On temporal misfortunes – Richard A. Kaye in TLS :
‘Many people are familiar with Oscar Wilde’s last words, spoken as he lay dying in a Paris hotel in 1900, and first reported by his friend, the Anglo-French writer Claire de Pratz: “My wallpaper and I are fighting a duel to the death. One or the other of us has to go”. But it is also possible that Wilde uttered something more along the lines of “Confiteor unum baptisma in remissionem peccatorum. Et unam, sanctam, catholicam et apostolicam Ecclesiam” (“I confess one baptism for the remission of sins. And one holy, catholic and apostolic Church”).
This second claim may be traced back to Father Cuthbert Dunne, the priest who attended Wilde on his deathbed, and the writer’s admirers have often expressed unease about it. How could this Protestant-born Irish sexual rebel have embraced the Catholic Church, with its strictures and condemnation of same-sex relations? Gary Schmidgall, in his biography The Stranger Wilde (1994), writes of the “black humour” of Wilde’s “last-minute entry into the Roman Catholic Church”; a more recent biographer, Matthew Sturgis, in 2018, portrays the conversion as a “performance”. The Church itself, meanwhile, has come to embrace Wilde as a Catholic devout.’
(…)
‘According to his Oxford friend W. W. Ward, Wilde had inclined to Catholicism at university, making his “final decision to find refuge in the Roman Church … not the sudden clutch of the drowning man at the plank in the shipwreck, but a return to a first love”. In April 1878, Wilde became “grievously ill”, according to his friend Lionel Johnson, and sought out the Revd Sebastian Bowden, a priest well known for his connections in British high society. After their meeting, Bowden wrote to Wilde in order to alleviate what he called the “aimlessness and misery of your temporal misfortunes”: Let me then repeat to you as solemnly as I can say what I said yesterday; you have, like everyone else, an evil nature and this in your case has become more corrupt by bad influences mental and moral, and by positive sin, hence you speak as a dreamer and sceptic with no faith in anything and no purpose in life.

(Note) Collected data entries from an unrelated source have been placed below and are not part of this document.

Lemma expect_idx_le k (X Y : seq 'I_n -> R) :
  (forall t : k.-tuple 'I_n, X t <= Y t) -> expect_idx k X <= expect_idx k Y.
Proof.
move=> H; apply: Rmult_le_compat_l; last exact: sumR_le.
by apply: Rlt_le; apply: Rinv_0_lt_compat; apply: pow_lt; apply: INR_n_gt0.
Qed.

Lemma expect_idx_addl k c (X : seq 'I_n -> R) :
  expect_idx k (fun s => c + X s) = c + expect_idx k X.
Proof.
elim: k c X => [|k IH] c X; first by rewrite !expect_idx0.
rewrite !expect_idxS (avgR_ext (G := fun j => c + expect_idx k (fun s => X (j :: s)))) //.
by rewrite avgR_add avgR_const.
Qed.

Lemma expect_idx_scal k c (X : seq 'I_n -> R) :
  expect_idx k (fun s => c * X s) = c * expect_idx k X.
Proof. by rewrite /expect_idx sumR_scal; ring_big. Qed.

Variables (T : Type) (step : T -> 'I_n -> T) (cost pot : T -> R).
Hypothesis pot_decrease : forall s, avgR (fun j => cost (step s j) + pot (step s j)) <= pot s.

Lemma expect_idx_sum_cost_le k s :
  expect_idx k (fun js => \big[Rplus/0]_(0 <= t < k) cost (foldl step s (take t.+1 js))
                          + pot (foldl step s js)) <= pot s.
Proof.
elim: k s => [|k IH] s.
  by rewrite expect_idx0 big_geq //=; lra.
rewrite expect_idxS; apply: Rle_trans (pot_decrease s); apply: (avgR_le Hn) => j.
have -> : (fun js => \big[Rplus/0]_(0 <= t < k.+1) cost (foldl step s (take t.+1 (j :: js)))
                     + pot (foldl step s (j :: js))) =
          (fun js => cost (step s j) +
            (\big[Rplus/0]_(0 <= t < k) cost (foldl step (step s j) (take t.+1 js))
             + pot (foldl step (step s j) js))).
  apply: functional_extensionality => js.
  by rewrite sumR_nat_recl //= take0 Rplus_assoc.
by rewrite expect_idx_addl; have := IH (step s j); lra.
Qed.

End Expectation.

Section SagaAnalysis.
Variables (n d : nat) (L : R).
Hypothesis Hn : (0 < n)%nat.
Hypothesis HL : 0 < L.
Variables (fi : 'I_n -> vec d -> R) (gi : 'I_n -> vec d -> vec d).
Hypothesis Hconv : forall i, convex_fun (fi i).
Hypothesis Hgrad : forall i, has_gradient (fi i) (gi i).
Hypothesis Hlip : forall i, lipschitz L (gi i).
Variables (dom : vec d -> Prop) (h : vec d -> R).
Hypothesis Hhconv : convex_ext dom h.
Variable prox : R -> vec d -> vec d.
Hypothesis Hprox : is_prox dom h prox.
Variable xs : vec d.
Hypothesis Hxs_dom : dom xs.
Hypothesis Hxs_min : forall y, dom y ->
  avgR (fun i => fi i xs) + h xs <= avgR (fun i => fi i y) + h y.

Definition favg x := avgR (fun i => fi i x).
Definition gavg x := avgV (fun i => gi i x).
Definition Fobj x := favg x + h x.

On the other hand God in His mercy has not let you remain contented in this state. He has proved to you the hollowness of this world in the unexpected loss of your fortune and has removed thereby a great obstacle to your conversion. He allows you to feel the sting of conscience and the yearnings for a holy, pure and earnest life.’
(…)
‘Wilde met two popes during his lifetime: Pius IX in 1877; then, in the years of disgrace, Leo XIII (on several occasions). Those later meetings are especially extraordinary given Wilde’s notoriety, and would seem to confirm the particular nature of his attraction to Catholicism. “I hope that you may take a journey in life in order to arrive at the city of God”, Leo advised Wilde. “I do nothing but see the Pope: I have already been blessed several times”, the writer reported to Ross, “once in the private chapel of the Vatican.” Characteristically, Wilde was stirred by the sartorial splendours of the papal office. “Today is wet and stormy”, he reported, “but I have been with the holy father. Each time he dresses differently; it is most delightful. Today over his white and purple a velvet cap edged with ermine, and a huge scarlet and gold stole. I was deeply moved as usual.” The Dunne archive also offers a striking addition to this image of the sensualist worshipper, in the form of a letter from Wilde’s fourteen-year-old son Vivian (later Vyvyan), another convert, written after Wilde’s death. On December 14, 1900, he speculated on what prompted his father’s conversion: I think the chief reason he was not converted before was that his parents were strongly against it. But now, as they are both dead he had less to keep him from it … I am overjoyed at the news of a Rosary being found among his belongings.’ (…)
‘“The Catholic Church is for saints and sinners”, Wilde once remarked. “For respectable people, the Anglican Church will do.”’
Read the article here.
I would also forgo a church for respectable people. Who wants to be respectable?
The holy father and misery and decay make us all sensitive to a church and a seductive god. What are bodily pleasures on your last day?